_TASK TO COMPLETE_:
Check every line of the data and copy the ones where "Strict" appears.

_THE INPUT_:
(* Let $R$ be a commutative Bezout domain. The following are equivalent: (1) $R$ has stable range 1.5; (2) for every $n\times m$ matrix $A$ over $R$ with $\operatorname{rank}A>1$ there is a row $u=(1,u_2,\dots,u_n)$ over $R$ such that $uA=(b_1,\dots,b_m)$ where $(b_1,\dots,b_m)$ equals (up to a unit) the greatest common divisor of all entries of $A$.
   Context: A commutative Bezout domain is a commutative integral domain with $1\ne0$ in which every finitely generated ideal is principal. $R$ has stable range 1.5 if for all $a,b\in R$ and $c\in R\setminus\{0\}$ with $(a,b,c)=1$ there is $r\in R$ with $(a+br,c)=1$. The rank of a matrix is the largest order of a nonzero minor. *)

From HB Require Import structures.
From mathcomp Require Import all_boot all_order all_algebra.
Set Implicit Arguments. Unset Strict Implicit. Unset Printing Implicit Defensive.
Import GRing.Theory.
Local Open Scope ring_scope.

Section Defs.
Variable R : comNzRingType.

Definition dvd (a b : R) : Prop := exists c, b = c * a.

Definition in_ideal (s : seq R) (x : R) : Prop :=
  exists c : 'I_(size s) -> R, x = \sum_(i < size s) c i * s`_i.

Definition bezout_ring : Prop :=
  forall s : seq R, exists d : R,
    forall x, in_ideal s x <-> exists r, x = r * d.

Definition stable_range_1p5 : Prop :=
  forall a b c : R, c != 0 -> in_ideal [:: a; b; c] 1 ->
    exists r : R, in_ideal [:: a + b * r; c] 1.

Definition is_gcd (P : R -> Prop) (d : R) : Prop :=
  (forall x, P x -> dvd d x) /\
  (forall e, (forall x, P x -> dvd e x) -> dvd e d).

Definition entries n m (A : 'M[R]_(n, m)) (x : R) : Prop :=
  exists i j, x = A i j.

Definition has_nonzero_minor n m (A : 'M[R]_(n, m)) (k : nat) : Prop :=
  exists (f : 'I_k -> 'I_n) (g : 'I_k -> 'I_m),
    injective f /\ injective g /\ \det (\matrix_(i, j) A (f i) (g j)) != 0.

Definition rank_gt1 n m (A : 'M[R]_(n, m)) : Prop :=
  exists k, (1 < k)%N /\ has_nonzero_minor A k.
End Defs.

From Pilot Require Import Defs.
From HB Require Import structures.
From mathcomp Require Import all_boot all_order all_algebra.
From mathcomp Require Import ring.
From Stdlib Require Import Classical.
Import GRing.Theory.
Set Implicit Arguments. Unset Strict Implicit.
Local Open Scope ring_scope.
Local Notation dvd := Defs.dvd.

(* For (1) => (2), write the matrix as a first row x above a block B.  Bezout
   and stable range 1.5 combine the rows of B into one row z whose content is
   gcd(B).  Any two rows y, z that are not collinear admit r with
   content(y + r z) = gcd(y, z): write z = g q with q primitive, split
   y = (y.w) q + b with b != 0, and apply stable range 1.5 to the triple
   y.w, g, content(b) divided by their gcd.  Rank > 1 lets us first add
   rows of B to x until x is not collinear with z.  For (2) => (1) apply (2)
   to the matrix [[a, c], [b, 0]], whose determinant -bc is nonzero. *)

Section Divisibility.
Variable R : idomainType.
Implicit Types a b c d : R.

Lemma dvd0 a : dvd a 0. Proof. by exists 0; rewrite mul0r. Qed.

Lemma dvdD a b c : dvd a b -> dvd a c -> dvd a (b + c).
Proof. by move=> [x ->] [y ->]; exists (x + y); rewrite mulrDl. Qed.

Lemma dvd_mull a b c : dvd a b -> dvd a (c * b).
Proof. by move=> [x ->]; exists (c * x); rewrite mulrA. Qed.

Lemma dvd_trans a b c : dvd a b -> dvd b c -> dvd a c.
Proof. by move=> [x ->] [y ->]; exists (y * x); rewrite mulrA. Qed.

Lemma dvd_sum (I : finType) a (F : I -> R) :
  (forall i, dvd a (F i)) -> dvd a (\sum_i F i).
Proof. by move=> aF; apply: big_ind => //; [exact: dvd0 | exact: dvdD]. Qed.

Lemma dvd0_eq0 a : dvd 0 a -> a = 0.
Proof. by move=> [x ->]; rewrite mulr0. Qed.

Lemma in_ideal2P a b x : in_ideal [:: a; b] x <-> exists l m, x = l * a + m * b.
Proof.
split=> [[f ->]|[l [m ->]]].
  by exists (f ord0), (f (lift ord0 ord0)); rewrite !big_ord_recl big_ord0 addr0.
exists (fun i : 'I_2 => [:: l; m]`_i).
by rewrite !big_ord_recl big_ord0 addr0.
Qed.

Lemma in_ideal3P a b c x :
  in_ideal [:: a; b; c] x <-> exists l m k, x = l * a + m * b + k * c.
Proof.
split=> [[f ->]|[l [m [k ->]]]].
  exists (f ord0), (f (lift ord0 ord0)), (f (lift ord0 (lift ord0 ord0))).
  by rewrite !big_ord_recl big_ord0 addr0 addrA.
exists (fun i : 'I_3 => [:: l; m; k]`_i).
by rewrite !big_ord_recl big_ord0 addr0 addrA.
Qed.

End Divisibility.

Section Content.
Variable R : idomainType.
Implicit Types a b c d e t : R.

Definition dot m (v : 'rV[R]_m) (w : 'cV[R]_m) : R := (v *m w) 0 0.

Definition in_content m (v : 'rV[R]_m) t : Prop := exists w, t = dot v w.

Definition dvd_mx p q d (A : 'M[R]_(p, q)) : Prop := forall i j, dvd d (A i j).

Lemma dotDl m (x y : 'rV[R]_m) w : dot (x + y) w = dot x w + dot y w.
Proof. by rewrite /dot mulmxDl mxE. Qed.

Lemma dotDr m (x : 'rV[R]_m) w w' : dot x (w + w') = dot x w + dot x w'.
Proof. by rewrite /dot mulmxDr mxE. Qed.

Lemma dotZl m (x : 'rV[R]_m) a w : dot (a *: x) w = a * dot x w.
Proof. by rewrite /dot -scalemxAl mxE. Qed.

Lemma dotZr m (x : 'rV[R]_m) a w : dot x (a *: w) = a * dot x w.
Proof. by rewrite /dot -scalemxAr mxE. Qed.

Lemma dotNl m (x : 'rV[R]_m) w : dot (- x) w = - dot x w.
Proof. by rewrite /dot mulNmx mxE. Qed.

Lemma dotNr m (x : 'rV[R]_m) w : dot x (- w) = - dot x w.
Proof. by rewrite /dot mulmxN mxE. Qed.

Lemma in_content_lin m (v : 'rV[R]_m) t t' a b :
  in_content v t -> in_content v t' -> in_content v (a * t + b * t').
Proof.
by move=> [w ->] [w' ->]; exists (a *: w + b *: w'); rewrite dotDr !dotZr.
Qed.

Lemma dvd_mx_mull p q r d (A : 'M[R]_(p, q)) (B : 'M[R]_(q, r)) :
  dvd_mx d B -> dvd_mx d (A *m B).
Proof. by move=> dB i j; rewrite mxE; apply: dvd_sum => k; apply: dvd_mull. Qed.

Lemma dvd_mx_mulr p q r d (A : 'M[R]_(p, q)) (B : 'M[R]_(q, r)) :
  dvd_mx d A -> dvd_mx d (A *m B).
Proof.
by move=> dA i j; rewrite mxE; apply: dvd_sum => k; rewrite mulrC; apply: dvd_mull.
Qed.

Lemma dvd_mx_content m d t (v : 'rV[R]_m) : dvd_mx d v -> in_content v t -> dvd d t.
Proof. by move=> dv [w ->]; apply: (dvd_mx_mulr w dv). Qed.

Lemma dvd_mx_trans p q d e (A : 'M[R]_(p, q)) : dvd d e -> dvd_mx e A -> dvd_mx d A.
Proof. by move=> de eA i j; apply: dvd_trans de (eA i j). Qed.

Lemma dvd_mxD p q d (A B : 'M[R]_(p, q)) : dvd_mx d A -> dvd_mx d B -> dvd_mx d (A + B).
Proof. by move=> dA dB i j; rewrite mxE; apply: dvdD. Qed.

Lemma dvd_mxZl p q d a (A : 'M[R]_(p, q)) : dvd d a -> dvd_mx d (a *: A).
Proof.
by move=> [c ->] i j; rewrite mxE mulrAC; apply: dvd_mull; exists 1; rewrite mul1r.
Qed.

_WRITTEN REPLY_:
Set Implicit Arguments. Unset Strict Implicit. Unset Printing Implicit Defensive.
Set Implicit Arguments. Unset Strict Implicit.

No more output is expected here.